Terdengar pintu kamar diketuk, dan Satria segera membukanya. Rupanya itu adalah Paman Jono yang tadi ia tugaskan untuk mengambilkan pakaian Bhista. Lelaki paruh baya itu memberikan paper bag berukuran besar pada Satria.  

"Ini sudah datang, bergantilah! Kemeja itu membuatmu sangat berbahaya," canda Satria.

"Aish, kau ini," lirih Bhista sembari meraih paper bag dari tangan Satria, dan segera masuk ke kamar wardrobe untuk mengganti bajunya. 

Bhista selesai mengenakan gaun warna cokelat muda yang memiliki aksen tali di pinggang. Tali yang menjuntai panjang itu membuat lekuk tubuhnya tampak indah. Lengan putihnya juga terekspos karena gaun cantik tanpa lengan itu. 

"Kita hanya akan di rumah, mengapa Ibu mengambilkan aku baju seperti ini?" gerutu Bhista. 

"Tidak, Sayang. Kita akan makan siang di luar bersama keluargamu nanti. Selepas itu, kita akan menginap di rumah ibumu sekalian mengambil barang-barangmu," jawab Satria. 

Satria dan Bhista kemudian berjalan menuruni tangga. Sesekali terdengar tawa renyah yang tercipta karena lelucon kecil yang Satria lontarkan. Sampai di ujung tangga, Bhista melihat ibu mertuanya sedang menyiangi tanaman bunga di ruang tengah. Dia memang sudah mengenal Nyonya Winata, tapi belum begitu dekat. Tak seperti Satria yang sudah sangat dekat dengan ibu dan keluarganya. 

"Ibu, ajari aku merangkai bunga," pinta Bhista basa-basi.

"Untuk apa? Lagi pula kau tak akan punya waktu untuk kegiatan seperti ini. Bukankah kau mempunyai peranan penting di perusahaan dan kau harus tetap bekerja walau sudah menikah," jawab Nyonya Winata ketus. 

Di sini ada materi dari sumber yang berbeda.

(* Let $p$ be a prime, $k, r \geq 1$, $G_1, \dots, G_k$ finite-dimensional vector spaces over $\mathbb{F}_p$, $G^{\oplus} = G_1 \oplus \cdots \oplus G_k$ with each $G_i$ regarded as a subspace of $G^{\oplus}$, and $f \colon G^{\oplus} \to \mathbb{D}$. Let $\xi > 0$ and let $\psi \colon (G^{\oplus})^{r-1} \times G_1 \times \cdots \times G_k \to \mathbb{F}_p$ be a multilinear form such that \[\mathbb{E}_{a^{(1)}, \dots, a^{(r-1)} \in G^{\oplus},\ d_1 \in G_1, \dots, d_k \in G_k,\ x \in G^{\oplus}}\ \partial_{a^{(1)}} \cdots \partial_{a^{(r-1)}} \partial_{d_1} \cdots \partial_{d_k} f(x)\, \omega^{\psi(a^{(1)}, \dots, a^{(r-1)}, d_1, \dots, d_k)} \geq \xi,\] where $d_i \in G_i$ is viewed in $G^{\oplus}$. Let $i \in [r-1]$ and $j \in [k]$, and for $u \in G_j$ write $\iota_j(u) \in G^{\oplus}$ for the element with $j$-th component $u$ and all other components $0$. Define the multilinear form $\psi'_{ij} \colon (G^{\oplus})^{i-1} \times G_j \times (G^{\oplus})^{r-1-i} \times G_1 \times \cdots \times G_k \to \mathbb{F}_p$ by \begin{align*}\psi'_{ij}(a^{(1)}, \dots, a^{(i-1)}, u_j, a^{(i+1)}, \dots, a^{(r-1)}, d_1, \dots, d_k) =\ & \psi(a^{(1)}, \dots, a^{(i-1)}, \iota_j(u_j), a^{(i+1)}, \dots, a^{(r-1)}, d_1, \dots, d_{j-1}, d_j, d_{j+1}, \dots, d_k) \\ &- \psi(a^{(1)}, \dots, a^{(i-1)}, \iota_j(d_j), a^{(i+1)}, \dots, a^{(r-1)}, d_1, \dots, d_{j-1}, u_j, d_{j+1}, \dots, d_k).\end{align*} Then $\operatorname{bias} \psi'_{ij} \geq \xi^8$.
   Context: $\mathbb{D} = \{z \in \mathbb{C} : |z| \leq 1\}$, $\omega = e^{2\pi i/p}$, $\mathbb{E}$ is the uniform average, $\partial_u f(x) = f(x+u)\overline{f(x)}$. For a multilinear form $\alpha$ on a product $V_1 \times \cdots \times V_s$ of $\mathbb{F}_p$-vector spaces, $\operatorname{bias}\alpha = \mathbb{E}_{v_1 \in V_1, \dots, v_s \in V_s} \omega^{\alpha(v_1, \dots, v_s)}$. *)

From HB Require Import structures.
From mathcomp Require Import all_boot all_order all_algebra.
From mathcomp Require Import complex.
From mathcomp Require Import reals trigo.
Set Implicit Arguments. Unset Strict Implicit. Unset Printing Implicit Defensive.
Import Order.TTheory GRing.Theory Num.Theory.
Local Open Scope ring_scope.
Local Open Scope complex_scope.

Definition avg {C : numFieldType} (T : finType) (F : T -> C) : C :=
  (#|T|%:R)^-1 * \sum_(x : T) F x.

Section Setting.
Variables (p : nat) (k : nat) (n : 'I_k -> nat).

Definition Gj (j : 'I_k) := 'rV['F_p]_(n j).
Definition Gsum := {dffun forall j : 'I_k, Gj j}.

Definition gadd (g h : Gsum) : Gsum := [ffun j => g j + h j].
Definition gscale (c : 'F_p) (g : Gsum) : Gsum := [ffun j => c *: g j].

Definition iota (j : 'I_k) (u : Gj j) : Gsum :=
  [ffun l => dfwith (fun l : 'I_k => (0 : Gj l)) u l].

Definition setA {r : nat} (a : {ffun 'I_r -> Gsum}) (l : 'I_r) (x : Gsum)
  : {ffun 'I_r -> Gsum} := [ffun m => if m == l then x else a m].
Definition setD (d : Gsum) (j : 'I_k) (u : Gj j) : Gsum :=
  [ffun l => dfwith (fun l => d l) u l].

(* psi : (G^+)^r' x G_1 x ... x G_k -> F_p, with the G_1 x..x G_k part
   packed as an element d of Gsum (d j = d_j) *)
Definition multilinear {r' : nat}
  (psi : {ffun 'I_r' -> Gsum} -> Gsum -> 'F_p) : Prop :=
  (forall (a : {ffun 'I_r' -> Gsum}) (d : Gsum) (l : 'I_r') (c : 'F_p) (x y : Gsum),
     psi (setA a l (gadd (gscale c x) y)) d
     = c * psi (setA a l x) d + psi (setA a l y) d) /\
  (forall (a : {ffun 'I_r' -> Gsum}) (d : Gsum) (j : 'I_k) (c : 'F_p) (x y : Gj j),
     psi a (setD d (c *: x + y)) = c * psi a (setD d x) + psi a (setD d y)).

Variable R : realType.

Definition omega : R[i] :=
  (cos (2 * pi / p%:R)) +i* (sin (2 * pi / p%:R)).
Definition omegaF (x : 'F_p) : R[i] := omega ^+ (nat_of_ord x).

Definition deriv1 (u : Gsum) (f : Gsum -> R[i]) : Gsum -> R[i] :=
  fun x => f (gadd x u) * (f x)^*.
Definition derivs (hs : seq Gsum) (f : Gsum -> R[i]) : Gsum -> R[i] :=
  foldr deriv1 f hs.

Definition shifts {r' : nat} (a : {ffun 'I_r' -> Gsum}) (d : Gsum) : seq Gsum :=
  [seq a l | l <- enum 'I_r'] ++ [seq iota (d j) | j <- enum 'I_k].

(* psi'_{ij}(a^(1..i-1), u_j, a^(i+1..r-1), d): the entry a i is ignored *)
Definition psi' {r' : nat} (psi : {ffun 'I_r' -> Gsum} -> Gsum -> 'F_p)
  (i : 'I_r') (j : 'I_k) (a : {ffun 'I_r' -> Gsum}) (u : Gj j) (d : Gsum) : 'F_p :=
  psi (setA a i (iota u)) d - psi (setA a i (iota (d j))) (setD d u).

(* The component a i is a dummy variable (psi' does not depend on it), so
   averaging over it as well does not change the value. *)
Definition bias_psi' {r' : nat} (psi : {ffun 'I_r' -> Gsum} -> Gsum -> 'F_p)
  (i : 'I_r') (j : 'I_k) : R[i] :=
  avg (fun a : {ffun 'I_r' -> Gsum} =>
  avg (fun u : Gj j =>
  avg (fun d : Gsum => omegaF (@psi' r' psi i j a u d)))).

End Setting.

From Pilot Require Import Defs.
From HB Require Import structures.
From mathcomp Require Import all_boot all_order all_algebra.
From mathcomp Require Import complex.
From mathcomp Require Import reals trigo.
From mathcomp Require Import boolp ring lra.
Import Order.TTheory GRing.Theory Num.Theory.
Set Implicit Arguments. Unset Strict Implicit. Unset Printing Implicit Defensive.
Local Open Scope complex_scope.
Local Open Scope ring_scope.
Local Notation iota := Defs.iota.
Local Notation setD := Defs.setD.

(* Let F be the derivative of f in all directions other than a^(i) and iota_j(d_j); it
   depends neither on a_i nor on d_j, and the summand of the hypothesis is
     F(x + a_i + iota d_j) F(x + a_i)^* F(x + iota d_j)^* F(x) omega^psi(a, d).
   The substitution x -> x - iota E, a_i -> a_i - x + iota E, d_j -> E splits off the factor
   F(a_i)^* F(x)^*, which does not depend on E, so by Cauchy-Schwarz the square of the
   average is bounded by the average of |sum_E F(a_i + iota E) F(x - iota E) omega^psi(..)|^2,
   where psi is evaluated at a_i - x + iota E and d_j = E.  Expanding this square and
   averaging over the translations a_i -> a_i + iota c, x -> x - iota c, E -> E - c leaves the
   F-factors unchanged, while, psi being bilinear in (a_i, d_j), the phase gains
   psi'_ij(.., c, .., d) with d_j = E - E'.  The resulting character sums over c are
   nonnegative, and summing them gives the bias of psi'_ij.  This proves
   bias psi'_ij >= xi^2, hence >= xi^8 since xi <= 1. *)

Section Characters.
Variables (R : realType) (p : nat).
Hypothesis p_prime : prime p.

Local Notation theta := (2 * pi / p%:R : R).
Local Notation w := (omega p R).

Lemma omega_expn m : w ^+ m = cos (theta *+ m) +i* sin (theta *+ m).
Proof.
elim: m => [|m IH]; first by rewrite expr0 mulr0n cos0 sin0.
rewrite exprS IH /omega !(mulrS _ m) cosD sinD.
apply/eqP; rewrite eq_complex /=; apply/andP; split; apply/eqP => //.
by rewrite addrC mulrC [X in _ + X]mulrC.
Qed.
(* Let $T$ be a tropical curve with a real structure. Then $s(T)\le g(T)+1$, $s(T)\equiv g(T)+1\pmod 2$, and $s(T)\le g(T)-1$ if $a(T)=1$.
   Context: A metric graph is a compact connected metric space locally isometric to star-shaped sets $\{te^{2k\pi i/n}:0\le t<r,k\in\mathbb Z\}\subset\mathbb C$. A tropical curve $T$ is a connected metric space which is the union of a metric graph $\Gamma$ (its finite part) and finitely many unbounded edges $e$, each isometric to $[0,\infty]$ and meeting the closure of $T\setminus e$ exactly in one point $e(0)\in\Gamma$ corresponding to $0$. The genus $g(T)$ is the first Betti number of $T$ (equal to that of $\Gamma$). A real structure on $T$ is an isometry $\iota:T\to T$ with $\iota^2=\mathrm{id}$; $\overline p=\iota(p)$, and $p$ is real if $\overline p=p$. $T(\mathbb R)$ is the set of real points, with finitely many connected components $T_1,\dots,T_{s'}$; $s(T)=\sum_{i}(g(T_i)+1)$, $g(T_i)$ the first Betti number of $T_i$. $a(T)=1$ if some non-real point $p$ is connected to $\overline p$ by a path in $T$ containing no real point, and $a(T)=0$ otherwise. *)

From HB Require Import structures.
From mathcomp Require Import all_boot all_order all_algebra.
From mathcomp Require Import reals.

Set Implicit Arguments.
Unset Strict Implicit.
Unset Printing Implicit Defensive.

Import Order.TTheory GRing.Theory Num.Theory.
Local Open Scope ring_scope.

Definition graph_adj (V E : finType) (src tgt : E -> V) : rel V :=
  fun u v => [exists e, ((src e == u) && (tgt e == v)) || ((src e == v) && (tgt e == u))].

Bhista merasa seperti ditampar oleh pernyataan ibu mertuanya. Dia meremas kuat tepian gaun yang dipakainya. Dia bingung bagaimana caranya memulai semuanya. Bhista juga ingin menjadi menantu yang baik untuk Nyonya Winata, sebagai balasan pada Satria karena sudah sangat mencintai ibunya. 

"Sayang, Ibu sedang asyik dengan dunianya. Lebih baik kita jangan menganggunya. Ayo ikut aku saja!" ajak Satria sengaja memisah keadaan yang mulai panas. 

"Kita akan ke mana?" tanya Bhista bingung. 

"Sudah, ikut saja. Kau akan tahu nanti," balas Satria sambil tersenyum manis seperti biasanya. 

Bhista mengikuti langkah kaki suaminya. Hatinya tersentuh lagi mendengar Satria mengatakan hal itu di situasi yang tepat. Sekali lagi dia menyelamatkan Bhista dari situasi sulit. 

"Ibu, kami akan segera kembali. Bersenang-senanglah dengan tanamanmu itu," ucap Satria sambil melambaikan tangannya. 

"Kami pergi, Ibu," pamit Bhista. 

Tatapan Nyonya Winata yang sinis mengikuti dua orang yang kini sudah berada di teras rumah. Dia benar-benar tidak suka Satria terlalu membela dan memanjakan istrinya. Hati kecil Nyonya Winata sedikit kesal melihat putranya lebih membela istrinya dan menerima keputusan Bhista untuk tetap bekerja. 

"Kita lihat, Bhista. Sampai kapan kau akan mendapat pembelaan dari suamimu itu. Sampai kapan Satria akan terima dengan istri yang tak bisa melayaninya dengan baik dan memilih berkarir," lirih Nyonya Winata.